If you change the name of the existing aws.docdb.ElasticCluster resource in the code, pulumi doesn't replace the resource or change it's name, instead it tries to create a completely different resource as if the original didn't exist already.

I think this is expected behavior. The name (first argument) is how pulumi identifies the cluster. If you change this pulumi thinks that the old one disappeared and the new one appeared and doesn't know they are related. You can use the alias resource option to tell pulumi that it should map to the old resource.

[nevace]

I have the same issue and wondered if there's a workaround for now. I was going to use aws.docdb.ElasticCluster.get(clusterName, clusterID); to check if the resource exists and if so, don't create it again (not sure if this would work). But it seems like there could be a bug in this method. The second argument is ID according to the docs but it looks like AWS is expecting the ARN as I get the error "Invalid arn provided".

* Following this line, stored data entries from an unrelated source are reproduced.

Lemma at_right_open_interval a b : a < b -> at_right a (fun t => a < t < b).
Proof.
  intros Hab. exists (mkposreal (b - a) ltac:(lra)). intros t Ht Hat.
  change (Rabs (t - a) < b - a) in Ht. apply Rabs_def2 in Ht. lra.
Qed.

Lemma at_left_open_interval a b : a < b -> at_left b (fun t => a < t < b).
Proof.
  intros Hab. exists (mkposreal (b - a) ltac:(lra)). intros t Ht Htb.
  change (Rabs (t - b) < b - a) in Ht. apply Rabs_def2 in Ht. lra.
Qed.

Lemma segment_in_open_interval a b x y z : a < x < b -> a < y < b ->
  Rmin x y <= z <= Rmax x y -> a < z < b.
Proof. intros Hx Hy. unfold Rmin, Rmax. destruct Rle_dec; lra. Qed.

Definition clamp (a b x : R) : R := Rmax a (Rmin b x).

Lemma clamp_id a b x : a <= x <= b -> clamp a b x = x.
Proof. intros Hx. unfold clamp. rewrite Rmin_right, Rmax_right; lra. Qed.

Lemma clamp_in a b x : a <= b -> a <= clamp a b x <= b.
Proof. intros Hab. unfold clamp, Rmax, Rmin. repeat destruct Rle_dec; lra. Qed.

Lemma clamp_continuous a b (x : R) : continuous (clamp a b) x.
Proof.
  apply filterlim_locally. intros eps. exists eps. intros y Hy.
  change (Rabs (y - x) < eps) in Hy. change (Rabs (clamp a b y - clamp a b x) < eps).
  eapply Rle_lt_trans; [| exact Hy].
  unfold clamp, Rmax, Rmin, Rabs. repeat destruct Rle_dec; repeat destruct Rcase_abs; lra.
Qed.

Lemma continuous_comp_clamp a b (f : R -> R) (x : R) : a <= b ->
  (forall y, a <= y <= b ->
     filterlim f (within (fun z => a <= z <= b) (locally y)) (locally (f y))) ->
  continuous (fun t => f (clamp a b t)) x.
Proof.
  intros Hab Hf. eapply filterlim_comp; [| apply Hf, clamp_in, Hab].
  intros P HP. apply (clamp_continuous a b x) in HP. unfold filtermap in *.
  revert HP. apply filter_imp. intros t Ht. apply Ht, clamp_in, Hab.
Qed.

(** * Local power series expansions on an interval *)

Section Expansion.

Variables a b : R.

Local Notation near x0 := (within (fun x => a <= x <= b) (locally x0)).

Definition is_expansion (f : R -> R) (x0 : R) (c : nat -> R) : Prop :=
  geom_bounded c /\ near x0 (fun x => is_pseries c (x - x0) (f x)).

Lemma near_center x0 (P : R -> Prop) : a <= x0 <= b -> near x0 P -> P x0.
Proof. intros Hx0 H. exact (locally_singleton _ _ H Hx0). Qed.

Lemma near_imp x0 (P Q : R -> Prop) :
  (forall x, a <= x <= b -> P x -> Q x) -> near x0 P -> near x0 Q.
Proof. intro HPQ. unfold within. apply filter_imp. intros x HP Hx. exact (HPQ x Hx (HP Hx)). Qed.

Lemma is_expansion_inside f x0 c : is_expansion f x0 c ->
  near x0 (fun x => Rbar_lt (Rabs (x - x0)) (CV_radius c) /\ is_pseries c (x - x0) (f x)).
Proof.
  intros [Hc Hf]. apply filter_and; [| exact Hf].
  apply filter_le_within, geom_bounded_inside, Hc.
Qed.

Lemma is_expansion_center f x0 c : a <= x0 <= b -> is_expansion f x0 c -> c O = f x0.
Proof.
  intros Hx0 [_ Hf]. apply (near_center x0) in Hf; [| exact Hx0].
  rewrite Rminus_eq_0 in Hf. rewrite <- PSeries_0. exact (is_pseries_unique _ _ _ Hf).
Qed.

Lemma is_expansion_ext f g x0 c : (forall x, a <= x <= b -> f x = g x) ->
  is_expansion f x0 c -> is_expansion g x0 c.
Proof.
  intros Hfg [Hc Hf]. split; [exact Hc |].
  revert Hf. apply near_imp. intros x Hx. rewrite Hfg by exact Hx. trivial.
Qed.

Lemma is_expansion_const k x0 : is_expansion (fun _ => k) x0 (PS_const k).
Proof.
  split; [apply geom_bounded_const |].
  apply filter_forall. intro x. apply is_pseries_const.
Qed.

Lemma is_expansion_plus f g x0 cf cg : is_expansion f x0 cf -> is_expansion g x0 cg ->
  is_expansion (fun x => f x + g x) x0 (PS_plus cf cg).
Proof.
  intros [Hcf Hf] [Hcg Hg]. split; [apply geom_bounded_plus; assumption |].
  generalize (filter_and _ _ Hf Hg). apply filter_imp. intros x [Hfx Hgx].
  apply (@is_pseries_plus R_AbsRing R_NormedModule); assumption.
Qed.

Lemma is_expansion_scal k f x0 c : is_expansion f x0 c ->
  is_expansion (fun x => k * f x) x0 (PS_scal k c).
Proof.
  intros [Hc Hf]. split; [apply geom_bounded_scal, Hc |].
  revert Hf. apply filter_imp. intros x Hx.
  apply (@is_pseries_scal R_AbsRing R_NormedModule); [apply Rmult_comm | exact Hx].
Qed.

Lemma is_expansion_mult f g x0 cf cg : is_expansion f x0 cf -> is_expansion g x0 cg ->
  is_expansion (fun x => f x * g x) x0 (PS_mult cf cg).
Proof.
  intros Hf Hg. split; [apply geom_bounded_mult; [apply Hf | apply Hg] |].
  generalize (filter_and _ _ (is_expansion_inside _ _ _ Hf) (is_expansion_inside _ _ _ Hg)).
  apply filter_imp. intros x [[Hrf Hvf] [Hrg Hvg]]. apply is_pseries_mult; assumption.
Qed.

Lemma is_expansion_inv f x0 c : a <= x0 <= b -> f x0 <> 0 -> is_expansion f x0 c ->
  is_expansion (fun x => / f x) x0 (PS_inv c).
Proof.
  intros Hx0 Hfx0 Hf.
  assert (Hc0 : c O <> 0) by (rewrite (is_expansion_center _ _ _ Hx0 Hf); exact Hfx0).
  assert (Hq : geom_bounded (PS_inv c)) by (apply geom_bounded_PS_inv; [apply Hf | exact Hc0]).
  split; [exact Hq |].
  generalize (filter_and _ _ (is_expansion_inside _ _ _ Hf)
                (filter_le_within _ _ (geom_bounded_inside _ x0 Hq))).
  apply filter_imp. intros x [[Hrc Hfx] Hrq].
  assert (Hqx := PSeries_correct _ _ (CV_radius_inside _ _ Hrq)).
  assert (H1 : f x * PSeries (PS_inv c) (x - x0) = 1).
  { rewrite <- (is_pseries_unique _ _ _ (is_pseries_mult _ _ _ _ _ Hfx Hqx Hrc Hrq)).
    rewrite (PSeries_ext _ _ _ (PS_mult_inv c Hc0)). apply is_pseries_unique, is_pseries_const. }
  assert (Hfx0' : f x <> 0) by (intro E; rewrite E, Rmult_0_l in H1; lra).
  replace (/ f x) with (PSeries (PS_inv c) (x - x0)); [exact Hqx |].
  rewrite <- (Rmult_1_l (/ f x)), <- H1. field. exact Hfx0'.
Qed.

Lemma near_derive_0_const (phi : R -> R) x0 : a <= x0 <= b ->
  near x0 (fun x => is_derive phi x 0) -> near x0 (fun x => phi x = phi x0).
Proof.
  intros Hx0 [eps H]. exists eps. intros x Hx Hab.
  change (Rabs (x - x0) < eps) in Hx.
  apply is_derive_0_eq. intros z Hz. apply H.
  - change (Rabs (z - x0) < eps). apply Rle_lt_trans with (Rabs (x - x0)); [| exact Hx].
    unfold Rmin, Rmax, Rabs in *. repeat destruct Rle_dec; repeat destruct Rcase_abs; lra.
  - unfold Rmin, Rmax in Hz. destruct Rle_dec; lra.
Qed.

Lemma PS_derive_primitive F0 c n : PS_derive (PS_plus (PS_const F0) (PS_Int c)) n = c n.
Proof.
  unfold PS_derive, PS_plus, PS_const, PS_Int.
  change (INR (S n) * (0 + c n / INR (S n)) = c n). field. apply not_0_INR. lia.
Qed.

Lemma is_expansion_primitive f F x0 c : a <= x0 <= b -> is_expansion f x0 c ->
  (forall x, a <= x <= b -> is_derive F x (f x)) ->
  is_expansion F x0 (PS_plus (PS_const (F x0)) (PS_Int c)).
Proof.
  intros Hx0 Hf HF. set (cF := PS_plus (PS_const (F x0)) (PS_Int c)).
  assert (HcF : geom_bounded cF)
    by (apply geom_bounded_plus; [apply geom_bounded_const | apply geom_bounded_Int, Hf]).
  assert (Hd : near x0 (fun x => is_derive (fun t => PSeries cF (t - x0) - F t) x 0)).
  { generalize (filter_and _ _ (is_expansion_inside _ _ _ Hf)
                  (filter_le_within _ _ (geom_bounded_inside _ x0 HcF))).
    apply near_imp. intros x Hx [[_ Hfx] HrF].
    replace 0 with (PSeries (PS_derive cF) (x - x0) - f x).
    - apply (is_derive_minus (fun t => PSeries cF (t - x0)) F);
        [apply is_derive_PSeries_shift, HrF | apply HF, Hx].
    - rewrite (PSeries_ext (PS_derive cF) c _ (PS_derive_primitive _ _)).
      rewrite (is_pseries_unique _ _ _ Hfx). ring. }
  split; [exact HcF |].
  generalize (filter_and _ _ (near_derive_0_const _ _ Hx0 Hd)
                (filter_le_within _ _ (geom_bounded_inside _ x0 HcF))).
  apply filter_imp. intros x [Hx Hr].
  rewrite Rminus_eq_0, PSeries_0 in Hx. change (cF O) with (F x0 + 0) in Hx.
  replace (F x) with (PSeries cF (x - x0)) by lra.
  apply PSeries_correct, CV_radius_inside, Hr.
Qed.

I'm assuming it's using this which requires an ARN: https://docs.aws.amazon.com/documentdb/latest/developerguide/API_elastic_GetCluster.html

[corymhall]

@notjosse I just tried reproducing #2 again using the latest pulumi-terraform-bridge@master and it looks like it has been fixed. This means that the next bridge release should fix the issue. We'll comment on this ticket once it has been released.

[notjosse]

@corymhall Thanks so much for the support and for tackling this so quickly!